Knowledge graph construction: Fast inserts into a Wikibase instance
https://ub-mannheim.github.io/RaiseWikibase/
MIT License
45 stars 7 forks source link

fill the secondary storage for items and properties #7

Closed shigapov closed 2 years ago

shigapov commented 3 years ago

Running the maintenance scripts for filling the secondary storage is a just workaround. We need to fill the secondary storage for items and properties properly. See https://doc.wikimedia.org/Wikibase/master/php/md_docs_storage_terms.html.

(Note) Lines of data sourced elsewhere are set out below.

(* Assume $CA_2$. Then there is a Suslin $\omega_1$-pretower, i.e. an $\omega_1$-pretower $\mathcal T$ on a countable set such that every uncountable $\mathcal A\subseteq\mathcal T$ contains distinct $A,B$ with $A\subseteq B$.
   Context: An $\omega_1$-pretower on a countably infinite set $X$ is a family $\mathcal T\subseteq[X]^\omega$ well ordered by $\subsetneq^*$ (where $A\subsetneq^*B$ means $A\setminus B$ is finite and $B\setminus A$ is infinite) with order type $\omega_1$. A type is a sequence $\tau=\{(m_k,n_{k+1},r_{k+1})\}_{k\in\omega}$ of natural numbers with $m_0=1$; $n_k\ge2$ for $k\ge1$; every $r\in\omega$ equals $r_k$ for infinitely many $k$; $m_k>r_{k+1}$; and $m_{k+1}=r_{k+1}+(m_k-r_{k+1})n_{k+1}$ for all $k$. For a set of ordinals $X$ and $\mathcal F\subseteq[X]^{<\omega}$, $\mathcal F_k$ is the set of elements of rank $k$ in $(\mathcal F,\subsetneq)$; $A\sqsubseteq B$ means $A\subseteq B$ and every element of $B$ below an element of $A$ is in $A$; $A<B$ means every element of $A$ is below every element of $B$. $\mathcal F$ is a construction scheme over $X$ of type $\tau$ if (1) every finite subset of $X$ lies in a member of $\mathcal F$; (2) $|F|=m_k$ for $F\in\mathcal F_k$; (3) $E\cap F\sqsubseteq E,F$ for $E,F\in\mathcal F_k$; (4) each $F\in\mathcal F_{k+1}$ is the union of uniquely determined $F_0,\dots,F_{n_{k+1}-1}\in\mathcal F_k$ forming a $\Delta$-system with root $R(F)$, $|R(F)|=r_{k+1}$, $R(F)<F_0\setminus R(F)<\dots<F_{n_{k+1}-1}\setminus R(F)$. For a construction scheme $\mathcal F$ over $\omega_1$, $l\ge1$, $F\in\mathcal F_l$ and finite $\mathcal C\subseteq[\omega_1]^{<\omega}$: $F$ captures $\mathcal C$ if $|\mathcal C|\le n_l$ and $\mathcal C$ can be enumerated as $\{c_i\}_{i<|\mathcal C|}$ with $c_i\subseteq F_i$, $c_i\setminus R(F)\neq\emptyset$ and $\phi_i[c_0]=c_i$ where $\phi_i:F_0\to F_i$ is the increasing bijection. $\mathcal F$ is $n$-capturing if for every uncountable $S\subseteq[\omega_1]^{<\omega}$ and every $k\in\omega$ there are $\mathcal C\in[S]^n$, $l>k$ and $F\in\mathcal F_l$ capturing $\mathcal C$. $CA_n$ is the statement: for every type $\tau$ with $n\le n_k$ for all $k\ge1$ there is an $n$-capturing construction scheme over $\omega_1$ of type $\tau$. *)

From Stdlib Require Import List Arith Sorting.Sorted Sorting.Permutation.
Import ListNotations.

Definition countable {U : Type} (P : U -> Prop) : Prop :=
  exists f : U -> nat, forall x y, P x -> P y -> f x = f y -> x = y.
Definition uncountable {U : Type} (P : U -> Prop) : Prop := ~ countable P.

Definition omega1_like {W : Type} (lt : W -> W -> Prop) : Prop :=
  (forall x, ~ lt x x) /\
  (forall x y z, lt x y -> lt y z -> lt x z) /\
  (forall x y, lt x y \/ x = y \/ lt y x) /\
  well_founded lt /\
  uncountable (fun _ : W => True) /\
  (forall x, countable (fun y => lt y x)).

Definition infinite_nat (A : nat -> Prop) : Prop :=
  forall n, exists m, n <= m /\ A m.
Definition finite_nat (A : nat -> Prop) : Prop :=
  exists n, forall m, A m -> m < n.
Definition almost_psub (A B : nat -> Prop) : Prop :=
  finite_nat (fun x => A x /\ ~ B x) /\ infinite_nat (fun x => B x /\ ~ A x).

Definition omega1_pretower (T : (nat -> Prop) -> Prop) : Prop :=
  (forall A, T A -> infinite_nat A) /\
  (forall A B, T A -> T B -> A <> B -> almost_psub A B \/ almost_psub B A) /\
  well_founded (fun A B => T A /\ T B /\ almost_psub A B) /\
  uncountable T /\
  (forall A, T A -> countable (fun B => T B /\ almost_psub B A)).
Lemma block_orbit_CSTS B b : coprime v 3 -> is_CSTS B -> b \in B ->
  block_orbit b = [set b' in B | diffs b' == diffs b].
Proof.
move=> cop csts_B bB; rewrite block_orbitE; apply/setP => b'; rewrite inE.
apply/imsetP/andP => [[t _ ->]|[b'B /eqP Db']].
  by rewrite CSTS_shift // diffs_shift.
have /card_gt0P[z zb] : (0 < #|diffs b|)%N by rewrite (card_diffs_CSTS csts_B bB cop).
have zb' : z \in diffs b' by rewrite Db'.
by have [t ->] := CSTS_diffs_meet csts_B bB b'B zb zb'; exists t.
Qed.

Lemma CSTS_orbits_le B (X : {set {set 'I_v}}) : coprime v 3 -> is_CSTS B -> X \subset B ->
  (#|[set block_orbit b | b in X]| * 6 <= v.-1)%N.
Proof.
move=> cop csts_B /subsetP XB; set F := [set diffs b | b in X].
have -> : [set block_orbit b | b in X] = [set [set b' in B | diffs b' == D] | D in F].
  rewrite -imset_comp; apply: eq_in_imset => b bX.
  exact: block_orbit_CSTS (XB b bX).
apply: leq_trans (leq_mul (leq_imset_card _ _) (leqnn 6)) _.
have trivF : trivIset F.
  apply/trivIsetP => _ _ /imsetP[b1 b1X ->] /imsetP[b2 b2X ->] D12.
  apply/pred0P => z /=; apply/andP => -[z1 z2].
  have [t Eb2] := CSTS_diffs_meet csts_B (XB b1 b1X) (XB b2 b2X) z1 z2.
  by move: D12; rewrite Eb2 diffs_shift eqxx.
have cardF : (\sum_(D in F) #|D| = #|F| * 6)%N.
  rewrite -sum_nat_const; apply: eq_bigr => _ /imsetP[b bX ->].
  exact: card_diffs_CSTS csts_B (XB b bX) cop.
have -> : v.-1 = #|[set~ (0 : 'I_v)]| by rewrite cardsC1 card_ord.
rewrite -cardF (eqP trivF).
apply/subset_leq_card/bigcupsP => _ /imsetP[b _ ->].
by apply/subsetP => z zb; rewrite !inE; apply: contraTneq zb => ->; apply: diffs_neq0.
Qed.

Lemma block_orbit_shift b t : block_orbit (shift t b) = block_orbit b.
Proof.
rewrite !block_orbitE; apply/setP => c.
apply/imsetP/imsetP => -[u _ ->]; first by exists (t + u); rewrite ?shiftD.
by exists (u - t); rewrite // shiftD addrC subrK.
Qed.

Section Development.
Variables (n : nat) (S : 'I_n -> {set 'I_v}).
Hypothesis dfS : difference_family S.

Lemma CSTS_development : is_CSTS (development S).
Proof.
have [S3 Scover Suniq] := dfS; split.
- by move=> _ /imset2P[j t _ _ ->]; rewrite card_shift.
- move=> x y xy; have z0 : y - x != 0 by rewrite subr_eq0 eq_sym.
  have [j [a [aS azS]]] := Scover _ z0.
  apply/eqP/cards1P; exists (shift (x - a) (S j)); apply/setP => c; rewrite in_set in_set1.
  apply/idP/eqP => [|->].
    case/andP => /imset2P[j' t _ _ ->]; rewrite !mem_shift => /andP[xc yc].
    have yc' : (x - t) + (y - x) \in S j' by rewrite addrAC subrKC.
    by have [-> ->] := Suniq _ _ _ _ _ z0 aS azS xc yc'; rewrite subKr.
  rewrite !mem_shift subKr opprB addrCA aS azS /= andbT.
  by apply/imset2P; exists j (x - a).
- move=> _ /imset2P[j t _ _ ->]; rewrite translate_shift shiftD.
  by apply/imset2P; exists j (t + 1).
Qed.

Lemma common_base_blocks_flip (P : pred 'I_n) :
  common_base_blocks (development S) (development (flip_blocks S P)) =
  #|[set j | ~~ P j]|.
Proof.
rewrite /common_base_blocks.
have -> : [set block_orbit b | b in development S :&: development (flip_blocks S P)] =
          [set block_orbit (S j) | j in [set j | ~~ P j]].
  apply/setP => O; apply/imsetP/imsetP => -[x].
    rewrite inE => /andP[/imset2P[j t _ _ ->] /imset2P[j' t' _ _ Ej]] ->.
    exists j; last by rewrite block_orbit_shift.
    move: Ej; rewrite inE /flip_blocks; case: ifP => Pj' Ej.
      by move: (difference_family_shift_negs j j' t t' dfS); rewrite Ej eqxx.
    by rewrite (difference_family_shift_eq dfS Ej) Pj'.
  rewrite inE => NPj ->; exists (S x) => //.
  rewrite inE; apply/andP; split; apply/imset2P; exists x 0 => //; rewrite shift0 //.
  by rewrite /flip_blocks (negbTE NPj).
rewrite card_in_imset // => j1 j2 _ _ E12.
have : S j1 \in block_orbit (S j2) by rewrite -E12 block_orbitE; apply/imsetP; exists 0; rewrite ?shift0.
rewrite block_orbitE => /imsetP[u _ E].
by apply: (difference_family_shift_eq (t := 0) (t' := u) dfS); rewrite shift0.
Qed.

End Development.
(* Let $M$ be a circulant matrix over $\mathbb{Z}_4+u\mathbb{Z}_4$ of order $n-1$, and let $\alpha,\beta,\gamma\in\mathbb{Z}_4+u\mathbb{Z}_4$ with $\gamma=\pm\beta$. Let $G=[I_n\,|\,B]$, where $B$ is the $n\times n$ matrix whose first row is $(\alpha,\beta,\beta,\dots,\beta)$ and whose remaining rows are $(\gamma\,|\,\text{row } i \text{ of } M)$ for $i=1,\dots,n-1$, i.e. $B=\begin{pmatrix}\alpha & \beta\cdots\beta\\ \gamma\mathbf{1}^T & M\end{pmatrix}$ with $\mathbf{1}$ the all-ones vector of length $n-1$. Then $G$ generates a formally self-dual code of length $2n$ over $\mathbb{Z}_4+u\mathbb{Z}_4$ whose Gray image under $\phi$ is a formally self-dual code over $\mathbb{Z}_4$ of length $4n$.
   Context: $\mathbb{Z}_4+u\mathbb{Z}_4$ is the commutative ring of characteristic $4$ with $u^2=0$. A linear code over a ring $R$ is an $R$-submodule of $R^N$; duals are taken with respect to the Euclidean inner product $\sum_i x_iy_i$ in $R$. Lee weight on $\mathbb{Z}_4$: $0,1,2,1$ for $0,1,2,3$; on $\mathbb{Z}_4+u\mathbb{Z}_4$: $w_L(a+ub)=w_L(b)+w_L(a+b)$; extended additively to vectors. A linear code (over either ring) is formally self-dual if it has the same Lee weight enumerator as its dual. The Gray map $\phi:(\mathbb{Z}_4+u\mathbb{Z}_4)^{N}\to\mathbb{Z}_4^{2N}$ is $\phi(\overline{a}+u\overline{b})=(\overline{b},\overline{a}+\overline{b})$ for $\overline{a},\overline{b}\in\mathbb{Z}_4^N$. A circulant matrix is one in which each row is the cyclic right shift of the previous row. *)

From mathcomp Require Import all_boot all_order all_algebra.
Set Implicit Arguments. Unset Strict Implicit. Unset Printing Implicit Defensive.
Import GRing.Theory.
Local Open Scope ring_scope.

(* The ring Z4 + u Z4 (u^2 = 0): the pair (a, b) represents a + u b. *)
Definition R4u : finType := ('Z_4 * 'Z_4)%type.
Definition radd (x y : R4u) : R4u := (x.1 + y.1, x.2 + y.2).
Definition ropp (x : R4u) : R4u := (- x.1, - x.2).
Definition rmul (x y : R4u) : R4u := (x.1 * y.1, x.1 * y.2 + x.2 * y.1).
Definition rzero : R4u := (0, 0).
Definition rone : R4u := (1, 0).

Definition leeZ4 (a : 'Z_4) : nat :=
  match val a with 0 => 0 | 1 => 1 | 2 => 2 | _ => 1 end%N.
Definition leeR (x : R4u) : nat := addn (leeZ4 x.2) (leeZ4 (x.1 + x.2)%R).
Definition wtR N (v : {ffun 'I_N -> R4u}) : nat := (\sum_(i < N) leeR (v i))%N.
Definition wtZ N (v : {ffun 'I_N -> 'Z_4}) : nat := (\sum_(i < N) leeZ4 (v i))%N.

Definition ipR N (x y : {ffun 'I_N -> R4u}) : R4u :=
  \big[radd/rzero]_(i < N) rmul (x i) (y i).
Definition ipZ N (x y : {ffun 'I_N -> 'Z_4}) : 'Z_4 := \sum_(i < N) x i * y i.
Definition dualR N (C : {set {ffun 'I_N -> R4u}}) : {set {ffun 'I_N -> R4u}} :=
  [set y | [forall x in C, ipR x y == rzero]].
Definition dualZ N (C : {set {ffun 'I_N -> 'Z_4}}) : {set {ffun 'I_N -> 'Z_4}} :=
  [set y | [forall x in C, ipZ x y == 0]].

Definition fsdR N (C : {set {ffun 'I_N -> R4u}}) : Prop :=
  forall w : nat, #|[set c in C | wtR c == w]| = #|[set c in dualR C | wtR c == w]|.
Definition fsdZ N (C : {set {ffun 'I_N -> 'Z_4}}) : Prop :=
  forall w : nat, #|[set c in C | wtZ c == w]| = #|[set c in dualZ C | wtZ c == w]|.

Definition codeR k N (G : 'M[R4u]_(k, N)) : {set {ffun 'I_N -> R4u}} :=
  [set v : {ffun 'I_N -> R4u} | [exists x : {ffun 'I_k -> R4u},
     [forall j, v j == \big[radd/rzero]_(i < k) rmul (x i) (G i j)]]].

Definition gray N (v : {ffun 'I_N -> R4u}) : {ffun 'I_(N + N) -> 'Z_4} :=
  [ffun k => match split k with
             | inl i => (v i).2
             | inr i => (v i).1 + (v i).2 end].

Definition circulant m (M : 'M[R4u]_m) : Prop :=
  forall i j : 'I_m, (i.+1 < m)%N -> M (ordS i) (ordS j) = M i j.

Definition idmxR n : 'M[R4u]_n := \matrix_(i < n, j < n) if i == j then rone else rzero.

Definition Bmat m (M : 'M[R4u]_m) (alpha beta gamma : R4u) : 'M[R4u]_(1 + m) :=
  block_mx (const_mx alpha : 'M_(1, 1)) (const_mx beta : 'M_(1, m))
           (const_mx gamma : 'M_(m, 1)) M.

Definition Gmat m (M : 'M[R4u]_m) (alpha beta gamma : R4u)
  : 'M[R4u]_(1 + m, (1 + m) + (1 + m)) :=
  row_mx (idmxR (1 + m)) (Bmat M alpha beta gamma).

From HB Require Import structures.
From mathcomp Require Import all_boot all_order all_algebra ring.
Set Implicit Arguments. Unset Strict Implicit. Unset Printing Implicit Defensive.
Import GRing.Theory.
Local Open Scope ring_scope.
(* Up to bisimulation, every point of X_n lies in a set of representatives whose size is
   bounded independently of the valuation, and a term function is determined by its values
   on a finite Kripke model of bounded size; hence there are finitely many term functions.
   Let the n generators be valued by upsets.  On the zigzag C_m k, D_m k, EA_m k,
   C_(m+1) k, ... of index k an upset is determined by its value at its first incomplete
   level, so two of the 2^(n+1) > 2^n indices, k and k', carry the same colours, and
   swapping them is a bisimulation.
   The triple <_, k, k'> occurs in the enumeration, so every t+1 consecutive layers contain
   an m with C_m k2 ~ C_m k3, whence A_m ~ B_m and EA_m j ~ EB_m j.  Now if all points in
   the t+1 layers just above a point x have the colour of x, these bisimilarities make all
   points of that colour further down bisimilar to each other; otherwise some generator
   changes value there, and x lies within t+3 layers of that generator's boundary. *)

Definition truth (P : Prop) : bool := if excluded_middle_informative P then true else false.

Lemma truthP (P : Prop) : reflect P (truth P).
Proof. by rewrite /truth; case: excluded_middle_informative => h; constructor. Qed.

Lemma eq_truth (P Q : Prop) : truth P = truth Q <-> (P <-> Q).
Proof.
split=> [e|PQ]; first by split=> p; apply/truthP; [rewrite -e|rewrite e]; apply/truthP.
by case: truthP => p; case: truthP => q //; [case: q; apply/PQ|case: p; apply/PQ].
Qed.

Definition least_witness (Q : nat -> Prop) : nat :=
  epsilon (inhabits 0) (fun q => Q q /\ forall q', Q q' -> q <= q').

Lemma least_witnessP (Q : nat -> Prop) : (exists q, Q q) ->
  Q (least_witness Q) /\ forall q', Q q' -> least_witness Q <= q'.
Proof.
move=> [q0 Qq0]; apply: (epsilon_spec _ (fun q => Q q /\ forall q', Q q' -> q <= q')).
have hex : exists q, truth (Q q) by exists q0; apply/truthP.
have [q /truthP Qq qmin] := ex_minnP hex.
by exists q; split=> // q' /truthP; apply: qmin.
Qed.

Lemma exists_mod_in_window a N r : r < N -> exists m, a <= m < a + N /\ m %% N = r.
Proof.
move=> rN; elim: a => [|a [m [/andP [am ma] mr]]].
  by exists r; rewrite modn_small // add0n rN.
case: (eqVneq m a) => [ema|nema].
  by exists (a + N); rewrite modnDr -ema mr; split=> //; apply/andP; lia.
by exists m; split=> //; apply/andP; lia.
Qed.

Lemma exists_ord_neq2 m (a b : 'I_m) : 2 < m -> exists c : 'I_m, (c != a) && (c != b).
Proof.
move=> m_gt2; have /subsetPn [c _] : ~~ ([set: 'I_m] \subset [set a; b]).
  apply/negP => /subset_leq_card; rewrite cardsT card_ord cards2.
  by case: (a != b); rewrite leqNgt ?m_gt2 // (ltnW m_gt2).
by rewrite !inE negb_or => cab; exists c.
Qed.

Section KripkeSemantics.
Variables (X : Type) (R : X -> X -> Prop) (k : nat).
Implicit Types (v : 'I_k -> X -> Prop) (t : hterm k) (x y : X).

Fixpoint heval v t : X -> Prop :=
  match t with
  | TVar i => v i
  | TBot => fun _ => False
  | TTop => fun _ => True
  | TMeet t1 t2 => fun x => heval v t1 x /\ heval v t2 x
  | TJoin t1 t2 => fun x => heval v t1 x \/ heval v t2 x
  | TImp t1 t2 => fun x => ~ (exists y, (heval v t1 y /\ ~ heval v t2 y) /\ R x y)
  end.

Definition same_colour v x y := forall i, v i x <-> v i y.

Definition bisimulation v (Z : X -> X -> Prop) := forall x y, Z x y ->
  [/\ same_colour v x y,
      forall x1, R x x1 -> exists y1, R y y1 /\ Z x1 y1
    & forall y1, R y y1 -> exists x1, R x x1 /\ Z x1 y1].

Definition bisimilar v x y := exists Z, bisimulation v Z /\ Z x y.

Lemma bisimulation_of_sym v (Z : X -> X -> Prop) : (forall x y, Z x y -> Z y x) ->
  (forall x y, Z x y -> same_colour v x y /\
     forall x1, R x x1 -> exists y1, R y y1 /\ Z x1 y1) ->
  bisimulation v Z.
Proof.
move=> Zsym Zforth x y xZy; have [col forth] := Zforth x y xZy; split=> // y1 yRy1.
have [x1 [xRx1 /Zsym x1Zy1]] := (Zforth y x (Zsym _ _ xZy)).2 y1 yRy1.
by exists x1.
Qed.

Lemma bisimilar_bisimulation v : bisimulation v (bisimilar v).
Proof.
move=> x y [Z [bisZ xZy]]; have [col forth back] := bisZ x y xZy; split=> //.
- by move=> x1 /forth [y1 [yRy1 x1Zy1]]; exists y1; split=> //; exists Z.
- by move=> y1 /back [x1 [xRx1 x1Zy1]]; exists x1; split=> //; exists Z.
Qed.

Lemma bisimilar_refl v x : bisimilar v x x.
Proof.
by exists eq; split=> // a b <-; split=> // a1 aRa1; exists a1.
Qed.

Lemma bisimilar_sym v x y : bisimilar v x y -> bisimilar v y x.
Proof.
move=> [Z [bisZ xZy]]; exists (fun a b => Z b a); split=> // a b bZa.
have [col forth back] := bisZ b a bZa; split=> // i; exact: iff_sym.
Qed.

Lemma heval_bisimilar v t x y : bisimilar v x y -> heval v t x <-> heval v t y.
Proof.
elim: t x y => [i|||t1 IH1 t2 IH2|t1 IH1 t2 IH2|t1 IH1 t2 IH2] x y xy /=.
- by have [] := bisimilar_bisimulation xy.
- by [].
- by [].
- by rewrite (IH1 _ _ xy) (IH2 _ _ xy).
- by rewrite (IH1 _ _ xy) (IH2 _ _ xy).
- have [_ forth back] := bisimilar_bisimulation xy.
  split=> noy [z [[z1 z2] Rz]].
  + have [x1 [xRx1 x1z]] := back _ Rz; apply: noy; exists x1.
    by rewrite (IH1 _ _ x1z) (IH2 _ _ x1z).
  + have [y1 [yRy1 zy1]] := forth _ Rz; apply: noy; exists y1.
    by rewrite -(IH1 _ _ zy1) -(IH2 _ _ zy1).
Qed.

Section FiniteCover.
Variable I : finType.

Definition finite_model : finType := ({ffun I * I -> bool} * {ffun I * 'I_k -> bool})%type.

Fixpoint fm_eval (c : finite_model) t (i : I) : bool :=
  match t with
  | TVar g => c.2 (i, g)
  | TBot => false
  | TTop => true
  | TMeet t1 t2 => fm_eval c t1 i && fm_eval c t2 i
  | TJoin t1 t2 => fm_eval c t1 i || fm_eval c t2 i
  | TImp t1 t2 => [forall j, c.1 (i, j) ==> (fm_eval c t1 j ==> fm_eval c t2 j)]
  end.

Definition induced_model v (r : I -> X) : finite_model :=
  ([ffun ij : I * I => truth (exists y, R (r ij.1) y /\ bisimilar v y (r ij.2))],
   [ffun ig : I * 'I_k => truth (v ig.2 (r ig.1))]).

shigapov commented 3 years ago

The commit https://github.com/UB-Mannheim/RaiseWikibase/commit/428c28b9334e9bdb613b3a49d42384a88c7398a2 allows to insert the fingerprint data (labels, aliases and descriptions) into the secondary tables on the fly as well. The results of the first tests using https://github.com/UB-Mannheim/RaiseWikibase/blob/main/megaWikibase.py are here:

  1. 8965 properties with monolingual labels, descriptions and aliases are uploaded in 99 seconds (previously in 42 seconds). So roughly 90 properties per second.
  2. 20000 items with one label and without aliases/descriptions (but with 2-3 claims with a qualifier & reference) are uploaded in 112 seconds (previously in 84 seconds). Roughly 178 items per second.

Performance has dropped. Can it be improved?